To say the least, the weather this year has been most peculiar, with long periods of very hot weather and unexpected rain. Although generally speaking, for us gardeners, it has been an abundant year, with the added bonus of less necessity to mow our dry and discoloured lawns. When I say ‘for us gardeners’, what I really mean is that I actually have one, nothing of a higher level.
Wherever you are in the world, however, this has certainly been a weird year for weather; and that’s not my use of the word, it’s the general opinion of meteorologists. There has actually been snow in places that don’t have a word for toboggan. I ask you, is everything going downhill?
We had ‘The Beast from the East’ earlier on, with bitingly cold winds and then in August when I was on holiday in Portugal we had temperatures of 44 degrees centigrade which made going outside most unpleasant. We almost felt like sheltering inside the oven to keep cool!
Now before you say it, I know that many of you experience much hotter temperatures in your neck of the woods, and on a much more consistent basis, but this was unusual for Portugal, who along with many other parts of the world, have as a result experienced myriad forest fires and by contrast the monsoons have been causing floods where they have never been experienced before.
Is it climate change? Yes of course it is; the climate this year is certainly different to last year, but is it due to our long-term degradation of the Earth?
I’m not sure that I really know the answer to that. I made a cursory examination of the available records and abnormal weather conditions are nothing new. We’ve had very long hot summers in the past and from the 17th to 19th centuries people would sometimes be able to skate on the Thames.
Of course the principal beneficiaries here are the news media who publish endless pictures of empty reservoirs and crowded beaches and snowbound traffic (in winter of course). Then as soon as we return to normal the whole thing is completely forgotten.
We also now have a propensity to give names to various weather patterns.

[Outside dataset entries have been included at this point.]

(* Let $G$ be a graph on $[n]$. If $G$ is 2-connected and crossing closed, then $G$ is tightly closed.
   Context: Graphs are finite simple graphs with vertex set $[n]$; edges are written $ij$ with $i<j$. Two edges $a_1a_2$ and $b_1b_2$ cross if $a_1<b_1<a_2<b_2$ or $b_1<a_1<b_2<a_2$. Two crossing edges $e,f$ are crossing closed if among all induced connected subgraphs of $G$ containing $e$ and $f$ there is a unique minimal one under containment, denoted $J(e,f)$; $G$ is crossing closed if all pairs of crossing edges are. $G$ is tightly closed if it is crossing closed and for all crossing edges $e,f$, $J(e,f)$ is a subgraph of $K_4$ (i.e. has exactly the four endpoints of $e$ and $f$ as vertices). *)

(* Graphs on [n] are represented with vertex type 'I_n
   (vertices 0..n-1, order-isomorphic to 1..n) and a symmetric irreflexive
   adjacency relation G : rel 'I_n. *)
From mathcomp Require Import all_boot.
Set Implicit Arguments. Unset Strict Implicit. Unset Printing Implicit Defensive.

Definition simple_graph n (G : rel 'I_n) : Prop :=
  symmetric G /\ irreflexive G.

Definition is_edge n (G : rel 'I_n) (e : 'I_n * 'I_n) : bool :=
  (e.1 < e.2) && G e.1 e.2.

Definition cross n (e f : 'I_n * 'I_n) : bool :=
  ((e.1 < f.1) && (f.1 < e.2) && (e.2 < f.2)) ||
  ((f.1 < e.1) && (e.1 < f.2) && (f.2 < e.2)).

Definition induced_connected n (G : rel 'I_n) (S : {set 'I_n}) : bool :=
  [forall x in S, forall y in S,
     connect [rel u v | [&& G u v, u \in S & v \in S]] x y].

Definition two_connected n (G : rel 'I_n) : Prop :=
  2 < n /\ induced_connected G setT /\
  forall v : 'I_n, induced_connected G (setT :\ v).

Definition endpoints n (e f : 'I_n * 'I_n) : {set 'I_n} :=
  [set e.1; e.2; f.1; f.2].

Definition admissible n (G : rel 'I_n) (e f : 'I_n * 'I_n) : pred {set 'I_n} :=
  fun S => (endpoints e f \subset S) && induced_connected G S.

Definition crossing_closed_pair n (G : rel 'I_n) (e f : 'I_n * 'I_n) : Prop :=
  exists S : {set 'I_n}, minset (admissible G e f) S /\
    forall T : {set 'I_n}, minset (admissible G e f) T -> T = S.

Definition crossing_closed n (G : rel 'I_n) : Prop :=
  forall e f, is_edge G e -> is_edge G f -> cross e f ->
    crossing_closed_pair G e f.

Definition tightly_closed n (G : rel 'I_n) : Prop :=
  crossing_closed G /\
  forall e f, is_edge G e -> is_edge G f -> cross e f ->
    forall S, minset (admissible G e f) S -> S = endpoints e f.

(* If v is not an endpoint of e or f, 2-connectivity makes G - v an induced
   connected subgraph containing e and f. It contains a minimal such subgraph,
   which by uniqueness is J(e, f); hence v is not a vertex of J(e, f). *)
From mathcomp Require Import all_boot.

Set Implicit Arguments.
Unset Strict Implicit.
Unset Printing Implicit Defensive.

Lemma unique_minset_sub (T : finType) (P : pred {set T}) (S A : {set T}) :
  (forall B, minset P B -> B = S) -> P A -> S \subset A.
Proof.
move=> uniqS PA; have [B minB subBA] := minset_exists PA.
by rewrite -(uniqS B minB).
Qed.

Lemma subset_of_setD1 (T : finType) (A B : {set T}) :
  (forall v, v \notin B -> A \subset [set: T] :\ v) -> A \subset B.
Proof.
move=> subA; apply/subsetP => x xA; apply/negPn/negP => xNB.
by have /subsetP/(_ x xA) := subA x xNB; rewrite !inE eqxx.
Qed.

Lemma admissible_setD1 (n : nat) (G : rel 'I_n) (e f : 'I_n * 'I_n) (v : 'I_n) :
  two_connected G -> v \notin endpoints e f ->
  admissible G e f ([set: 'I_n] :\ v).
Proof.
move=> [_ [_ connD1]] vNE; rewrite /admissible connD1 andbT.
by apply/subsetP => x xE; rewrite !inE andbT; apply: contraNneq vNE => <-.
Qed.

Theorem proposition5p14 (n : nat) (G : rel 'I_n) :
  simple_graph G -> two_connected G -> crossing_closed G -> tightly_closed G.
Proof.
move=> _ conn2 cc; split=> // e f e_edge f_edge ef_cross S minS.
have [J [_ uniqJ]] := cc e f e_edge f_edge ef_cross.
have SJ := uniqJ S minS; subst S.
apply/eqP; rewrite eqEsubset; apply/andP; split.
- apply: subset_of_setD1 => v vNE.
  exact/(unique_minset_sub uniqJ)/admissible_setD1.
- by case/andP: (minsetp minS).
Qed.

For example, in the UK, storms are given names so that we can identify them, and to meet the exigencies of political correctness they are chosen alternately male and female – wow, I’m on first name terms with a storm!
In addition, I’m sure that there must be a degree of censorship here as I really can’t imagine a very severe storm being called ‘Bert’; it would surely lose its sense of drama - I should point out at this stage that the above comment is not meant in any way to cause offence to all of you Berts out there.
As I’ve mentioned before, writing this column always takes me on a voyage of discovery and it has just occurred to me: What’s happened to the hole in the ozone layer? We don’t hear much talk about this phenomenon these days, and I’ve hardly heard anything recently about blind sheep in Patagonia, so were they pulling the wool over our eyes?
Seriously; the Montreal Protocol in relation to CFCs and other harmful gases has certainly had a beneficial effect. Together with this and a degree of original scientific misinterpretation the problem has apparently diminished. We are now free to spend all of our time worrying about climate change.
So, as we prepare for autumn we must expect both a gradual cooling of our weather and a yearning for those temperatures that we loudly cursed not many months back. Pretty soon we’ll be using the autumn season to batten down the hatches in preparation for winter and calling upon all of that Vitamin D that we built up during the summer. It is possible that we could be facing the warmest winter on record, or if not, the coldest winter on record – or maybe both. Whatever happens, it is sure to be perceived as bad for us. The one consolation is that at least Bert won’t be held responsible!